◆ What is needed
Please write out each entry below exactly as given.
-.-.-
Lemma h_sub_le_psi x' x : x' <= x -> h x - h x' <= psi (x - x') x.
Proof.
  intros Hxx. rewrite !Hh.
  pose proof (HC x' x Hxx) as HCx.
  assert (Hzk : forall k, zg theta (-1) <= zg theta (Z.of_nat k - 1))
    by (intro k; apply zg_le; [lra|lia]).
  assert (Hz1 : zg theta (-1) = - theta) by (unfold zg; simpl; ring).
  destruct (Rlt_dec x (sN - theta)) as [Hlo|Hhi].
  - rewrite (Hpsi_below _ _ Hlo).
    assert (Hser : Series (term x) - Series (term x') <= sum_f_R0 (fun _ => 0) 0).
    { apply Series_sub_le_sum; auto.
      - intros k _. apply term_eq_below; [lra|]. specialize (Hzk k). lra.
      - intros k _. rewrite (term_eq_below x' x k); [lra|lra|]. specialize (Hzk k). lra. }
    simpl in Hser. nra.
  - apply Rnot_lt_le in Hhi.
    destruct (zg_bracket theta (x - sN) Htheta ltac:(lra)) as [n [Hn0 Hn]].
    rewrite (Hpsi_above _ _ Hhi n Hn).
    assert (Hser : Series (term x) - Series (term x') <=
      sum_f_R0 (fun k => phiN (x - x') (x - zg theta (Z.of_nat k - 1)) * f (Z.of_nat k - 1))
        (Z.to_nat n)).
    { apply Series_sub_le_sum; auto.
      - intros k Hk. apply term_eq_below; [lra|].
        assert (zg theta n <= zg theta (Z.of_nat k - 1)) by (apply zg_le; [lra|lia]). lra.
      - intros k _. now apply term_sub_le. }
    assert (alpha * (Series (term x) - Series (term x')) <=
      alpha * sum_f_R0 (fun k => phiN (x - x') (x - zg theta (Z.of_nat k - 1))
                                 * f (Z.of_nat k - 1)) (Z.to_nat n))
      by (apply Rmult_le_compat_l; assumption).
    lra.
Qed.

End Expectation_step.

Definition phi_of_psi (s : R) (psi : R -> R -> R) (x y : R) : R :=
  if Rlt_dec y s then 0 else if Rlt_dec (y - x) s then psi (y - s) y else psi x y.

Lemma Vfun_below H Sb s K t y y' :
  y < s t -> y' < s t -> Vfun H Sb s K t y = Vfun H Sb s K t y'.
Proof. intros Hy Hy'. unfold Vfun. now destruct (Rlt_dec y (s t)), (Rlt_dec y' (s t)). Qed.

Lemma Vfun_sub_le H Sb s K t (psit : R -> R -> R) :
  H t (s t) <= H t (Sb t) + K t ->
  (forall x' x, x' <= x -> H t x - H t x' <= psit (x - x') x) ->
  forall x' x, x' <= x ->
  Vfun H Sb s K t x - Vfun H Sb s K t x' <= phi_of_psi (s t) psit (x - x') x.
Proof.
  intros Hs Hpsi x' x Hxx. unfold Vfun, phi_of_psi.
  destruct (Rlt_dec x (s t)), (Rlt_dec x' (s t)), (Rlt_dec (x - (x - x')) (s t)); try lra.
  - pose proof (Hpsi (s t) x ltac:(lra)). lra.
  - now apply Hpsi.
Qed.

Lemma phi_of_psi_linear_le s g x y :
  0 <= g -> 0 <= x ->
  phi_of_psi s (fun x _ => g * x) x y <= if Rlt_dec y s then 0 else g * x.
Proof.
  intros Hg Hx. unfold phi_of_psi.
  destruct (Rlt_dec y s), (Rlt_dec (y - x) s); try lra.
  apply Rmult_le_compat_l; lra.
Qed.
-.-.-
◆ Response
Lemma h_sub_le_psi x' x : x' <= x -> h x - h x' <= psi (x - x') x.
Proof.
  intros Hxx. rewrite !Hh.
  pose proof (HC x' x Hxx) as HCx.
  assert (Hzk : forall k, zg theta (-1) <= zg theta (Z.of_nat k - 1))
    by (intro k; apply zg_le; [lra|lia]).
  assert (Hz1 : zg theta (-1) = - theta) by (unfold zg; simpl; ring).
  destruct (Rlt_dec x (sN - theta)) as [Hlo|Hhi].
  - rewrite (Hpsi_below _ _ Hlo).
    assert (Hser : Series (term x) - Series (term x') <= sum_f_R0 (fun _ => 0) 0).
    { apply Series_sub_le_sum; auto.
      - intros k _. apply term_eq_below; [lra|]. specialize (Hzk k). lra.
      - intros k _. rewrite (term_eq_below x' x k); [lra|lra|]. specialize (Hzk k). lra. }
    simpl in Hser. nra.
  - apply Rnot_lt_le in Hhi.
    destruct (zg_bracket theta (x - sN) Htheta ltac:(lra)) as [n [Hn0 Hn]].
    rewrite (Hpsi_above _ _ Hhi n Hn).
    assert (Hser : Series (term x) - Series (term x') <=
      sum_f_R0 (fun k => phiN (x - x') (x - zg theta (Z.of_nat k - 1)) * f (Z.of_nat k - 1))
        (Z.to_nat n)).
    { apply Series_sub_le_sum; auto.
      - intros k Hk. apply term_eq_below; [lra|].
        assert (zg theta n <= zg theta (Z.of_nat k - 1)) by (apply zg_le; [lra|lia]). lra.
      - intros k _. now apply term_sub_le. }
    assert (alpha * (Series (term x) - Series (term x')) <=
      alpha * sum_f_R0 (fun k => phiN (x - x') (x - zg theta (Z.of_nat k - 1))
                                 * f (Z.of_nat k - 1)) (Z.to_nat n))
      by (apply Rmult_le_compat_l; assumption).
    lra.
Qed.

End Expectation_step.

Definition phi_of_psi (s : R) (psi : R -> R -> R) (x y : R) : R :=
  if Rlt_dec y s then 0 else if Rlt_dec (y - x) s then psi (y - s) y else psi x y.

Lemma Vfun_below H Sb s K t y y' :
  y < s t -> y' < s t -> Vfun H Sb s K t y = Vfun H Sb s K t y'.
Proof. intros Hy Hy'. unfold Vfun. now destruct (Rlt_dec y (s t)), (Rlt_dec y' (s t)). Qed.

Lemma Vfun_sub_le H Sb s K t (psit : R -> R -> R) :
  H t (s t) <= H t (Sb t) + K t ->
  (forall x' x, x' <= x -> H t x - H t x' <= psit (x - x') x) ->
  forall x' x, x' <= x ->
  Vfun H Sb s K t x - Vfun H Sb s K t x' <= phi_of_psi (s t) psit (x - x') x.
Proof.
  intros Hs Hpsi x' x Hxx. unfold Vfun, phi_of_psi.
  destruct (Rlt_dec x (s t)), (Rlt_dec x' (s t)), (Rlt_dec (x - (x - x')) (s t)); try lra.
  - pose proof (Hpsi (s t) x ltac:(lra)). lra.
  - now apply Hpsi.
Qed.

Lemma phi_of_psi_linear_le s g x y :
  0 <= g -> 0 <= x ->
  phi_of_psi s (fun x _ => g * x) x y <= if Rlt_dec y s then 0 else g * x.
Proof.
  intros Hg Hx. unfold phi_of_psi.
  destruct (Rlt_dec y s), (Rlt_dec (y - x) s); try lra.
  apply Rmult_le_compat_l; lra.
Qed.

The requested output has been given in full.